Stored items
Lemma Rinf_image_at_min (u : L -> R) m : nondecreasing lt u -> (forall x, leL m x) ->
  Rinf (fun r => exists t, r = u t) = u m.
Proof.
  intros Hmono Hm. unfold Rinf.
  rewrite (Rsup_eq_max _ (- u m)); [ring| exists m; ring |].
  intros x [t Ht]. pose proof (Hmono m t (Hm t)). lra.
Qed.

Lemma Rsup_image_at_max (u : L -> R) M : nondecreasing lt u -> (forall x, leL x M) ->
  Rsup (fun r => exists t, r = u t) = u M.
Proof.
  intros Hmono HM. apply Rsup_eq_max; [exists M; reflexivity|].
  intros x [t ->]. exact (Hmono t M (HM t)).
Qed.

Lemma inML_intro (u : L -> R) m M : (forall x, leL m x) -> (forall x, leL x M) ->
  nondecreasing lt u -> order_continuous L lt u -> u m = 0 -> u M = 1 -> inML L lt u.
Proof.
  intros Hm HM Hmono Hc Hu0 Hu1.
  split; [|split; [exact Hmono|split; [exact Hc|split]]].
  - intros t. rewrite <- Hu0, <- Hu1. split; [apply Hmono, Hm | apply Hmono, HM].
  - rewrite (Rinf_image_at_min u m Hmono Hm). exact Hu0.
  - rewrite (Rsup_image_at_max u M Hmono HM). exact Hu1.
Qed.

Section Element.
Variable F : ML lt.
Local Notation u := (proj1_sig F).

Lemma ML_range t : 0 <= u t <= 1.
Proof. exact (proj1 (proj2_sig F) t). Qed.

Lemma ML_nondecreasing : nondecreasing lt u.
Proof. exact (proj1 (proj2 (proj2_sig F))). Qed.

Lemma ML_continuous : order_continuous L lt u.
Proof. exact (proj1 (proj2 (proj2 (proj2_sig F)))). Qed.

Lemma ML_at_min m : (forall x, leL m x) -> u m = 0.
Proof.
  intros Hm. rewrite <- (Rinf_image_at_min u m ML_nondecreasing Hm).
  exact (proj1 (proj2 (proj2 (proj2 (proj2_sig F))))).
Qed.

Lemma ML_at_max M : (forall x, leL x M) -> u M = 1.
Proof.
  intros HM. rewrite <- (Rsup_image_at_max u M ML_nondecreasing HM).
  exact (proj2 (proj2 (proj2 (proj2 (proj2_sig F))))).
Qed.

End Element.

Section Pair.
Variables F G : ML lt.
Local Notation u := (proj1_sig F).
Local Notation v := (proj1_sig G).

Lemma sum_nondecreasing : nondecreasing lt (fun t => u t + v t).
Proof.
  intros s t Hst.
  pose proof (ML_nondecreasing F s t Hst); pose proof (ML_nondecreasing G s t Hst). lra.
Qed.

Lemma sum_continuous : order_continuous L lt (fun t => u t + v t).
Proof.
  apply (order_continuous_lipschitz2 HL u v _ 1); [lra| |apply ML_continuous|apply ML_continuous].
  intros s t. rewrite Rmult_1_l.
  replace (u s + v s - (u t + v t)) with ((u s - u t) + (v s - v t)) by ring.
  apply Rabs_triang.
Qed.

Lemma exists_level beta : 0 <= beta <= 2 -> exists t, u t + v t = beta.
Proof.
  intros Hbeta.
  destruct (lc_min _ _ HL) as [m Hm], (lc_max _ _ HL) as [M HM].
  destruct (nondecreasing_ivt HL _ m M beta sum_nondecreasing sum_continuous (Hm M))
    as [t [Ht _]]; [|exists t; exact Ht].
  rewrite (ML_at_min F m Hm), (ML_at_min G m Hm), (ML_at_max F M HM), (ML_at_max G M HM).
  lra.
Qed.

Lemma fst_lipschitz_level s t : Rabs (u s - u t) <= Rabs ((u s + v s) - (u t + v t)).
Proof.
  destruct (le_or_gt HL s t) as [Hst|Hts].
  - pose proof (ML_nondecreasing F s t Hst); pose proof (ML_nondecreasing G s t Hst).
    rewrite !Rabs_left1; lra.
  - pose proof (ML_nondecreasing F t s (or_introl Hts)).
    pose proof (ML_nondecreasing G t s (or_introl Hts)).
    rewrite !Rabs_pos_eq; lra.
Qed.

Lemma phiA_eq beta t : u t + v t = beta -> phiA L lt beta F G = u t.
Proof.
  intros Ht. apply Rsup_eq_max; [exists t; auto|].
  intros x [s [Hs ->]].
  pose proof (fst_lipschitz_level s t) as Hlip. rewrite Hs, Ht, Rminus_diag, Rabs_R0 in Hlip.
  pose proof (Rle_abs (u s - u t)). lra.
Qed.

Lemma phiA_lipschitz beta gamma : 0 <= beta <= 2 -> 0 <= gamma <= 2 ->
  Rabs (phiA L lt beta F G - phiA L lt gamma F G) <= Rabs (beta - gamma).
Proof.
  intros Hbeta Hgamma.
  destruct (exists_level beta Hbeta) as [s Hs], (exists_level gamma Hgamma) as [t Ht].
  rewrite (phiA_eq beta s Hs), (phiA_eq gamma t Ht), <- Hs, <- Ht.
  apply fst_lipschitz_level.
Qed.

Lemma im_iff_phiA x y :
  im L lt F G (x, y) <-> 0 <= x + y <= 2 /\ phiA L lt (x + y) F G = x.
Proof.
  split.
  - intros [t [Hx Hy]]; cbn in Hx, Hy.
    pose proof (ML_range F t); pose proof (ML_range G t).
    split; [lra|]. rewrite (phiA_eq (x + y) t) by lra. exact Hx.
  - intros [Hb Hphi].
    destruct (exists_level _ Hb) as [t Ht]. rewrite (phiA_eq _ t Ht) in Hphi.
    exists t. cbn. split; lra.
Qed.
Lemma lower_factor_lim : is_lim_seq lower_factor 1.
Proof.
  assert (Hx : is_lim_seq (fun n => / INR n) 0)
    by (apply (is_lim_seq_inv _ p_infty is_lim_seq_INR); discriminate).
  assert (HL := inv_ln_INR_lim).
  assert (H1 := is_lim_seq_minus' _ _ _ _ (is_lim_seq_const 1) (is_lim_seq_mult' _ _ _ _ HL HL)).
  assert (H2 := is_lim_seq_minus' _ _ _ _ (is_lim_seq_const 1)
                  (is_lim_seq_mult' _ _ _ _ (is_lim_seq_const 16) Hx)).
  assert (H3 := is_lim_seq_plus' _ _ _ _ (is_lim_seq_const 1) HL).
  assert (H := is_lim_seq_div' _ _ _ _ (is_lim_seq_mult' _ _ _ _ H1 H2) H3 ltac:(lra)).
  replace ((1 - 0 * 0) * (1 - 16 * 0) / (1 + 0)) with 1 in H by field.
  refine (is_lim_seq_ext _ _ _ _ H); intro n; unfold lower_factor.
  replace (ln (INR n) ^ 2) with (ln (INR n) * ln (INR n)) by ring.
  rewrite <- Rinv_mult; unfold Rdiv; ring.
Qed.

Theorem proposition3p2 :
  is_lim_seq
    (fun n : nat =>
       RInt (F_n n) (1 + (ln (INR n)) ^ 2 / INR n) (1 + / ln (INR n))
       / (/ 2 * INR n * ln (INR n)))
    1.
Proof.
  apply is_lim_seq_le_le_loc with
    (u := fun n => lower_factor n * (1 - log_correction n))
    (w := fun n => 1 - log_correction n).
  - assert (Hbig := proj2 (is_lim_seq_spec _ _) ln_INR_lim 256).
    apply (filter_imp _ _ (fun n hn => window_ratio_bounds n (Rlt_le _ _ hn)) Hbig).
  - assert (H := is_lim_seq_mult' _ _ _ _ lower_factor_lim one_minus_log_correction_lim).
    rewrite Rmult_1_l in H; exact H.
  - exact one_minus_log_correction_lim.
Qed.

==

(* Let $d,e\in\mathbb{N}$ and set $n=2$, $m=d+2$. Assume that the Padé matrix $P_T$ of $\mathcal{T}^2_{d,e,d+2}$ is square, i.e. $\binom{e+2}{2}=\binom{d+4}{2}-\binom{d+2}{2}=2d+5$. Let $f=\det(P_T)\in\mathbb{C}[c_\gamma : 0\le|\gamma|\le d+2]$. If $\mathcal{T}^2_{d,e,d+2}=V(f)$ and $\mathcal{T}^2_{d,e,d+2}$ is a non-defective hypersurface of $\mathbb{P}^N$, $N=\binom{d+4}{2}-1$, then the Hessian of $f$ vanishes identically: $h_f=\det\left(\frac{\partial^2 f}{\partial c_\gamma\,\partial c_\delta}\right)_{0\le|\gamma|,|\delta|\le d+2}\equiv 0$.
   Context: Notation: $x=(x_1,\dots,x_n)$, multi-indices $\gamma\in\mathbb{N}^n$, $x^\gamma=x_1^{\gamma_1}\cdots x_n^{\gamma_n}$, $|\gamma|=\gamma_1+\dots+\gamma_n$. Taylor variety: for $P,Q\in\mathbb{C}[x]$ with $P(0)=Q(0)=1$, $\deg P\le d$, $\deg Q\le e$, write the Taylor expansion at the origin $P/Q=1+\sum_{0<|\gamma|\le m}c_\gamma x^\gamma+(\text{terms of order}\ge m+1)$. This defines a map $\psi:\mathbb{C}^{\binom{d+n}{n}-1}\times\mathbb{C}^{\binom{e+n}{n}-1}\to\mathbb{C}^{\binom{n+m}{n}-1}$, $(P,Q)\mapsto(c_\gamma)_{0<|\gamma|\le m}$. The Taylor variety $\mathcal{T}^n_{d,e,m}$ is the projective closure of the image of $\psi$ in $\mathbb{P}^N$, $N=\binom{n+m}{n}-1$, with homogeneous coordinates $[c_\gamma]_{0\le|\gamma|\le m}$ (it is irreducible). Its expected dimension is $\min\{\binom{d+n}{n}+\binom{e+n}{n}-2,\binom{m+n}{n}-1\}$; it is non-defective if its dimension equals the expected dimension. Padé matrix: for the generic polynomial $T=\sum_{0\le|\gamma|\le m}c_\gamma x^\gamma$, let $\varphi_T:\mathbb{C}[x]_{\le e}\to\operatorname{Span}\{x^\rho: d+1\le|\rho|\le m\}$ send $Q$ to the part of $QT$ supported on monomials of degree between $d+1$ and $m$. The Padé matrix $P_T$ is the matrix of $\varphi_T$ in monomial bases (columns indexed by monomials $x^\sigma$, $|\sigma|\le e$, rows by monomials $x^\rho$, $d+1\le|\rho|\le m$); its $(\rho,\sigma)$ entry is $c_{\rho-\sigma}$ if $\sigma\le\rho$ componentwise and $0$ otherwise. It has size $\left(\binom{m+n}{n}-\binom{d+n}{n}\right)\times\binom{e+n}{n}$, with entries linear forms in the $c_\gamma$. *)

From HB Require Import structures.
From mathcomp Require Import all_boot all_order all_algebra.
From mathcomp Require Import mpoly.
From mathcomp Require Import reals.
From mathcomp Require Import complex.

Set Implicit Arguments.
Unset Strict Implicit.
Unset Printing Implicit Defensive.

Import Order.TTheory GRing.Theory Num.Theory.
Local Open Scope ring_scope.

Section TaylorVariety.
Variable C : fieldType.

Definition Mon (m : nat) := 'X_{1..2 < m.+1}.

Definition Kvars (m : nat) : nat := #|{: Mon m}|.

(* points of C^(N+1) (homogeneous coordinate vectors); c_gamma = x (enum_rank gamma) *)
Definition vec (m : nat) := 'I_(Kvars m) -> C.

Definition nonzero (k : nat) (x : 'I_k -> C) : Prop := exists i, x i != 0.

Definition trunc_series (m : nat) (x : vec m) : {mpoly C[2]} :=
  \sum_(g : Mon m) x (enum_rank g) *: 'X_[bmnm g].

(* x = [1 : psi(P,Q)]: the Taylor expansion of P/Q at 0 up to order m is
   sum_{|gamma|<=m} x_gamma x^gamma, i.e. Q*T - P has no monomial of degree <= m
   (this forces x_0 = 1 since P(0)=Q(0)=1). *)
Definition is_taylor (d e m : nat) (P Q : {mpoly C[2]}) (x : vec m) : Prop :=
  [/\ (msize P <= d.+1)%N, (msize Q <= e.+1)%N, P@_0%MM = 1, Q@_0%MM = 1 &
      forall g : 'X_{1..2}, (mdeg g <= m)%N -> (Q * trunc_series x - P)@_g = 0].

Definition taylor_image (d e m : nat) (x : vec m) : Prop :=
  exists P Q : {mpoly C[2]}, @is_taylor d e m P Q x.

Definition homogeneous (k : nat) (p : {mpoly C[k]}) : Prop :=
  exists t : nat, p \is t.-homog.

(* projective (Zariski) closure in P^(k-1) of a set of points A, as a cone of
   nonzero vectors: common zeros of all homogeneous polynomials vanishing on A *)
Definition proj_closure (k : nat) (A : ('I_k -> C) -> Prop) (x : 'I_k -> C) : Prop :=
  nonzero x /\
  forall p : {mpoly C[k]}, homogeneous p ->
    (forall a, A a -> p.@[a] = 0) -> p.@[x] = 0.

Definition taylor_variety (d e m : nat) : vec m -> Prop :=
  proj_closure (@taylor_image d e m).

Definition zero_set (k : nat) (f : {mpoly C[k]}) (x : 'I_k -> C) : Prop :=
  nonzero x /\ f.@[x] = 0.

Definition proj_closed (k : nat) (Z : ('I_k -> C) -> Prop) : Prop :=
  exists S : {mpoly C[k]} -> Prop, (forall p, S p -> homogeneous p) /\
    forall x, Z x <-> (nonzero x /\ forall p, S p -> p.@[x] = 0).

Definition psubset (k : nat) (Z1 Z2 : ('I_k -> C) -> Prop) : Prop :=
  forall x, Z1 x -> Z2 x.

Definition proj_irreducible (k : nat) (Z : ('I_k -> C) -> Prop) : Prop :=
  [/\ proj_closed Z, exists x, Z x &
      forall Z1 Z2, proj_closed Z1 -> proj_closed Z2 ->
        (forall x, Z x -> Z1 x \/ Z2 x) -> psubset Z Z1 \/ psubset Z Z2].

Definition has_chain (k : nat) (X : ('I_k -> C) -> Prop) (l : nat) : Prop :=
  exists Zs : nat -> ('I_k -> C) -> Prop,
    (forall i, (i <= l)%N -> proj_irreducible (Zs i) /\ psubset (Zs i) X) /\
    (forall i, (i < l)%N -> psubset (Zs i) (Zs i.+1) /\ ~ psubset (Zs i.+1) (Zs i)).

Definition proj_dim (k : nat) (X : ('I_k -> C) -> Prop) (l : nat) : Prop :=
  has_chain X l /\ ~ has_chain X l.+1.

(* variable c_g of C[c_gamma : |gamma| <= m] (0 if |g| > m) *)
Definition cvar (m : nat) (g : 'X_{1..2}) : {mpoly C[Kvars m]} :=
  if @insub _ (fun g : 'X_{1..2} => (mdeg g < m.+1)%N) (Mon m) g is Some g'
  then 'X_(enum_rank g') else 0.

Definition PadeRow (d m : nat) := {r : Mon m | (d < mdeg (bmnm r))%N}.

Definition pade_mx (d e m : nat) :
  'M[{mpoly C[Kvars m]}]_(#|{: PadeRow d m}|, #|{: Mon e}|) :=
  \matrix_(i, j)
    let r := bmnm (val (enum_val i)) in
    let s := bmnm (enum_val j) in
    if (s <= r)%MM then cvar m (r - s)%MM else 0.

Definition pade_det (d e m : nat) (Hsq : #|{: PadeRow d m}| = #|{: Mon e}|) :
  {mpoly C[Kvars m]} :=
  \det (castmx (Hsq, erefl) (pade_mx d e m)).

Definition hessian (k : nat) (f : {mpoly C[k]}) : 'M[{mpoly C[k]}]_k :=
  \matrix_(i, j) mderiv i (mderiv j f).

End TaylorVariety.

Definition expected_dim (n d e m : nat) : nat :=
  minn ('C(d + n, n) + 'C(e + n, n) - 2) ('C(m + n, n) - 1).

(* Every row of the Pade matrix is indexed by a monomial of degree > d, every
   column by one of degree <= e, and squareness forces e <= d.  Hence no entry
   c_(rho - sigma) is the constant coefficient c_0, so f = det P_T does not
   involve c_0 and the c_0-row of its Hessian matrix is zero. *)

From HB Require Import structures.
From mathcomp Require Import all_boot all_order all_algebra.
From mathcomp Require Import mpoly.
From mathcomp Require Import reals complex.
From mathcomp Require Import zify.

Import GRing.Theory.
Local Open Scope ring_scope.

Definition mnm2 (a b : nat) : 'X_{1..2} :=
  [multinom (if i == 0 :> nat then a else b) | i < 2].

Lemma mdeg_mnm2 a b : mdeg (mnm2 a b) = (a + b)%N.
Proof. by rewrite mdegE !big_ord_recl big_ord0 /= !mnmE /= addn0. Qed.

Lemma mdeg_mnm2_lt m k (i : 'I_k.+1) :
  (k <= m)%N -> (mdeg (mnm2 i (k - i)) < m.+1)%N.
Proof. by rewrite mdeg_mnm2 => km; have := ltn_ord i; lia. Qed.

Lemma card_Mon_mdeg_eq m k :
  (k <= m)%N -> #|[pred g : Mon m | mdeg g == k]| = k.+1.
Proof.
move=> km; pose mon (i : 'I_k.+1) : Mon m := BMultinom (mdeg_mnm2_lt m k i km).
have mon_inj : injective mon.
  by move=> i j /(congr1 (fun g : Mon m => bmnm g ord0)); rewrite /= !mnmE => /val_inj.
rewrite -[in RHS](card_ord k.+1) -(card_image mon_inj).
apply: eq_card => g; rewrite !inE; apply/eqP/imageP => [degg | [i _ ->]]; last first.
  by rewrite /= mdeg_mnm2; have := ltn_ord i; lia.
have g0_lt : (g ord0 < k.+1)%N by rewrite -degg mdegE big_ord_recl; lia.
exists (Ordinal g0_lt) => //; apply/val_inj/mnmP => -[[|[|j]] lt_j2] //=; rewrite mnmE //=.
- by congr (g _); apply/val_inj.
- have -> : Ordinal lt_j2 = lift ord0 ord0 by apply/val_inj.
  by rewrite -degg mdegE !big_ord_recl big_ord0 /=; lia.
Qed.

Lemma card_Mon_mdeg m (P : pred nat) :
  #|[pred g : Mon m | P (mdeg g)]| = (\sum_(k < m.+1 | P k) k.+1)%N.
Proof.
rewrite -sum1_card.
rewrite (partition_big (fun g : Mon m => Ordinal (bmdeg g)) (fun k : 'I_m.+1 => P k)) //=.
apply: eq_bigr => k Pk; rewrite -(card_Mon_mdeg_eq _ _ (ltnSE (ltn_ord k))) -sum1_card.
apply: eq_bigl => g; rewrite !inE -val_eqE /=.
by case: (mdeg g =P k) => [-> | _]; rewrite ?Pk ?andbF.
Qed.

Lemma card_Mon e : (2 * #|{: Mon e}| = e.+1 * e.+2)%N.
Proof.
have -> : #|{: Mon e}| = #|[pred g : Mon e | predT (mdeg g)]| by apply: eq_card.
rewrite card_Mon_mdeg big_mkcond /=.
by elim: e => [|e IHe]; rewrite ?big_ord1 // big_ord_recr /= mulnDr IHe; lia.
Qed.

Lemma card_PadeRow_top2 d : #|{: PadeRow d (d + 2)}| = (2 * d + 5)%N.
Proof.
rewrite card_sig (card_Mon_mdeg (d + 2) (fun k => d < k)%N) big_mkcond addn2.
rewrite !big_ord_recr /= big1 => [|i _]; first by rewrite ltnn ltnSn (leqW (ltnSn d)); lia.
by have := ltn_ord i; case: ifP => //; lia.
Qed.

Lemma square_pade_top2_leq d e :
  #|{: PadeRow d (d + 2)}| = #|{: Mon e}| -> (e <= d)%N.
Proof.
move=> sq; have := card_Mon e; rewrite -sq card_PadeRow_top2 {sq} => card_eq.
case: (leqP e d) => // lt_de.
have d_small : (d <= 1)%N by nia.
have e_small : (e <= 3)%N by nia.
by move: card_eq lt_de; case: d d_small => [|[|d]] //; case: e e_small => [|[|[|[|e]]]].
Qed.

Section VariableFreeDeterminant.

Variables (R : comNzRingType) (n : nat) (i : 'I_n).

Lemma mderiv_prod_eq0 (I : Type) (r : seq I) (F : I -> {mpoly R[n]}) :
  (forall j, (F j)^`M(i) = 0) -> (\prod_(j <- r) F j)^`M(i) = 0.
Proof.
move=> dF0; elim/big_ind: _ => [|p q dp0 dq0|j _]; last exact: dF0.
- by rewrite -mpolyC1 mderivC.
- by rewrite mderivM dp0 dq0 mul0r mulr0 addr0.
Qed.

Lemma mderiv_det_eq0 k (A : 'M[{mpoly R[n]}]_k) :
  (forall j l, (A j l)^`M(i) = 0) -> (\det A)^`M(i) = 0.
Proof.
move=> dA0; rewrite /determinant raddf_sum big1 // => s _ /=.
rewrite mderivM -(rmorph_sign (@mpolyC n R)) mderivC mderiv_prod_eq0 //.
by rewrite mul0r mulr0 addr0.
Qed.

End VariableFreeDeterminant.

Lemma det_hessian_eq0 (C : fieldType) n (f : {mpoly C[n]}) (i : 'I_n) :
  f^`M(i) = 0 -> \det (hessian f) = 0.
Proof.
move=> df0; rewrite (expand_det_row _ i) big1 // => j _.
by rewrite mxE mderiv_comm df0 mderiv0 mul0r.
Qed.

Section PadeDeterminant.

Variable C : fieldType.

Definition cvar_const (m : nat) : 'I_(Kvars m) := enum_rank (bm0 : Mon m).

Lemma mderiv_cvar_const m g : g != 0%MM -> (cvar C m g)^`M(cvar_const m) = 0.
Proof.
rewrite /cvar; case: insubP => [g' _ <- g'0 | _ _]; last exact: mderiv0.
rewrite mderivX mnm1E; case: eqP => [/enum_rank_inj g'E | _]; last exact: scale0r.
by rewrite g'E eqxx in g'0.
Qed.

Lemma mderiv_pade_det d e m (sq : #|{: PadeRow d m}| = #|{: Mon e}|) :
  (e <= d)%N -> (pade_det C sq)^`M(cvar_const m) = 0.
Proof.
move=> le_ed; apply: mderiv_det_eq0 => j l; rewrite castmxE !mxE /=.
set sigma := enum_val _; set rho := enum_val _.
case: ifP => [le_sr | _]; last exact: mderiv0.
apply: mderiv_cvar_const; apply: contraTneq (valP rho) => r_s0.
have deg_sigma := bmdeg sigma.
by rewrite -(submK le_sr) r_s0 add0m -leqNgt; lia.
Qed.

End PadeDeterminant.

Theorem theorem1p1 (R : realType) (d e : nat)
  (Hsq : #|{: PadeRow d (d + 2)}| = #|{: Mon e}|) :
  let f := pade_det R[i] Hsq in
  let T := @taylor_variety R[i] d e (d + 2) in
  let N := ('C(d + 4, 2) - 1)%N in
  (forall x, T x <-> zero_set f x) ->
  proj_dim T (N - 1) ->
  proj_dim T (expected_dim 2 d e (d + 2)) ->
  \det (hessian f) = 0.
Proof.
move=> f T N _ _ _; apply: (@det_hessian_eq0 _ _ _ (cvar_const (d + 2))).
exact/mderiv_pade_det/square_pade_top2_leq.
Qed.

Work order>
Which lines in the records above contain the string "Hgamma"? Copy them.

Response area>
  intros Hbeta Hgamma.
  destruct (exists_level beta Hbeta) as [s Hs], (exists_level gamma Hgamma) as [t Ht].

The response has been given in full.